Now to make things more interesting, Z49 takes very little pressure to activate on Leef. 

Can I install a different spring in the tailcap to lessen the pressure needed for instant-on? Or is it something else?


----------



## werdnawee

Not sure whether this is the right place to post but....

For those that have an E1B and wanted to get a Z68 tailcap for more grip, Surefire now sells them online (which they didn't have before)

Anyway, I now have 2 or someone on this forum but if you have had trouble finding them, here they are - 

http://www.surefire.com/Tailcap-Switch-for-Scout-Light-E-Series-Flashlights


----------



## ampdude

werdnawee said:


> Not sure whether this is the right place to post but....
> 
> For those that have an E1B and wanted to get a Z68 tailcap for more grip, Surefire now sells them online (which they didn't have before)
> 
> Anyway, I now have 2 or someone on this forum but if you have had trouble finding them, here they are -
> 
> http://www.surefire.com/Tailcap-Switch-for-Scout-Light-E-Series-Flashlights



Hey, that's great news!! Thanks


----------



## Bruce B

werdnawee said:


> Not sure whether this is the right place to post but....
> 
> For those that have an E1B and wanted to get a Z68 tailcap for more grip, Surefire now sells them online (which they didn't have before)
> 
> Anyway, I now have 2 or someone on this forum but if you have had trouble finding them, here they are -
> 
> http://www.surefire.com/Tailcap-Switch-for-Scout-Light-E-Series-Flashlights



I'd get one for a tail standing option. I've seen it on an E1B before and it looks good!


----------



## milkyspit

werdnawee said:


> Not sure whether this is the right place to post but....
> 
> For those that have an E1B and wanted to get a Z68 tailcap for more grip, Surefire now sells them online (which they didn't have before)
> 
> Anyway, I now have 2 or someone on this forum but if you have had trouble finding them, here they are -
> 
> http://www.surefire.com/Tailcap-Switch-for-Scout-Light-E-Series-Flashlights




That's good information... many thanks! :bow:

I have one of these scavenged from a Scout Light, and like it quite a bit. I've been hesitant to use it for fear of loss or damage, though... now I feel more comfortable about using it without worry! Don't have to buy a new complete light just for the replacement switch. 
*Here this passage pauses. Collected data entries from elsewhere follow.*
Lemma sumR_const c m : sumR (fun _ => c) m = INR m * c.
Proof. induction m as [|m IH]; cbn [sumR]; [simpl; ring|]. rewrite IH, S_INR. ring. Qed.

Lemma sumR_le (f g : nat -> R) m :
  (forall i, (i < m)%nat -> f i <= g i) -> sumR f m <= sumR g m.
Proof.
  induction m as [|m IH]; intros H; simpl; [lra|].
  assert (sumR f m <= sumR g m) by (apply IH; intros; apply H; lia).
  assert (f m <= g m) by (apply H; lia).
  lra.
Qed.

Lemma sumR_nonneg (f : nat -> R) m :
  (forall i, (i < m)%nat -> 0 <= f i) -> 0 <= sumR f m.
Proof.
  intros H. rewrite <- (Rmult_0_r (INR m)), <- sumR_const. now apply sumR_le.
Qed.

Lemma sumR_term_le (f : nat -> R) m j :
  (forall i, (i < m)%nat -> 0 <= f i) -> (j < m)%nat -> f j <= sumR f m.
Proof.
  induction m as [|m IH]; intros H Hj; simpl; [lia|].
  destruct (Nat.eq_dec j m) as [->|Hjm].
  - assert (0 <= sumR f m) by (apply sumR_nonneg; intros; apply H; lia). lra.
  - assert (f j <= sumR f m) by (apply IH; [intros; apply H|]; lia).
    assert (0 <= f m) by (apply H; lia). lra.
Qed.

Lemma minR_le (f : nat -> R) k i : (i <= k)%nat -> minR f k <= f i.
Proof.
  induction k as [|k IH]; intros Hi; simpl.
  - replace i with 0%nat by lia. lra.
  - destruct (Nat.eq_dec i (S k)) as [->|Hik]; [apply Rmin_r|].
    eapply Rle_trans; [apply Rmin_l | apply IH; lia].
Qed.

Lemma minR_pos (f : nat -> R) k : (forall i, (i <= k)%nat -> 0 < f i) -> 0 < minR f k.
Proof.
  induction k as [|k IH]; intros H; simpl; [apply H; lia|].
  apply Rmin_glb_lt; [apply IH; intros|]; apply H; lia.
Qed.

Lemma inner_comm u v : inner u v = inner v u.
Proof. unfold inner. ring. Qed.

Lemma inner_scal_l c u v : inner (c * fst u, c * snd u) v = c * inner u v.
Proof. unfold inner; simpl. ring. Qed.

Lemma inner_le_norm2 u v : inner u v <= norm2 u * norm2 v.
Proof. unfold inner, norm2. pose proof (sqrt_cauchy (fst u) (snd u) (fst v) (snd v)) as H. now unfold Rsqr in H. Qed.

Lemma norm2_scal_inv w :
  0 < inner w w -> norm2 (/ norm2 w * fst w, / norm2 w * snd w) = 1.
Proof.
  intros Hw. unfold norm2 in *.
  assert (Hs : 0 < sqrt (inner w w)) by now apply sqrt_lt_R0.
  set (c := / sqrt (inner w w)).
  replace (inner (c * fst w, c * snd w) (c * fst w, c * snd w)) with (c * c * inner w w)
    by (unfold inner; simpl; ring).
  replace (c * c * inner w w) with 1.
  - apply sqrt_1.
  - unfold c. rewrite <- (sqrt_sqrt (inner w w)) at 3 by lra. field. lra.
Qed.

Lemma margin_le_inner n x w i : (i < n)%nat -> margin n x w <= inner w (x i).
Proof. intros Hi. apply (minR_le (fun i => inner w (x i))). lia. Qed.

Lemma margin_pos n x w :
  (0 < n)%nat -> (forall i, (i < n)%nat -> 0 < inner w (x i)) -> 0 < margin n x w.
Proof. intros Hn Hw. apply minR_pos. intros i Hi. apply Hw. lia. Qed.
It's basically the same tailswitch as on the E2DL except this one doesn't have the scallops cut into the flared section. The button is still quite easy to actuate, though, by virtue of the flared-out guard.

All in all, nice!


----------



## DM51

For reference: DaFABRICATA has started a useful thread showing SW01 variations.


----------



## tazambo

I just received this image from another member.
He is querying that it is a Z14
Can Size 15's confirm or deny and I'll add to to post #2 if it is.

Regards
Dave


----------



## Size15's

tazambo said:


> I just received this image from another member.
> He is querying that it is a Z14
> Can Size 15's confirm or deny and I'll add to to post #2 if it is.
> 
> Regards
> Dave


I'm not sure it's going to be possible to definitively state the difference between the Z14, the Z23, and the Z31.
My gut feeling is that the Z14 shouldn't have the pronounced raised and knurled rubber switch boot we're come to expect because SureFire supplied these as upgrades.


----------



## DHart

werdnawee said:


> Not sure whether this is the right place to post but....
> 
> For those that have an E1B and wanted to get a Z68 tailcap for more grip, Surefire now sells them online (which they didn't have before)
> 
> Anyway, I now have 2 or someone on this forum but if you have had trouble finding them, here they are -
> 
> http://www.surefire.com/Tailcap-Switch-for-Scout-Light-E-Series-Flashlights



I just ordered a Z68 from BrightGuy... they are expecting them in in about a week! I am curious to know, will this switch work well with single-stage E-series lights (like an older E2 incandescent) as well as the latest two stage lights, like the E1L and E2L? Will it operate the hi/lo mechanism in the two stage lights?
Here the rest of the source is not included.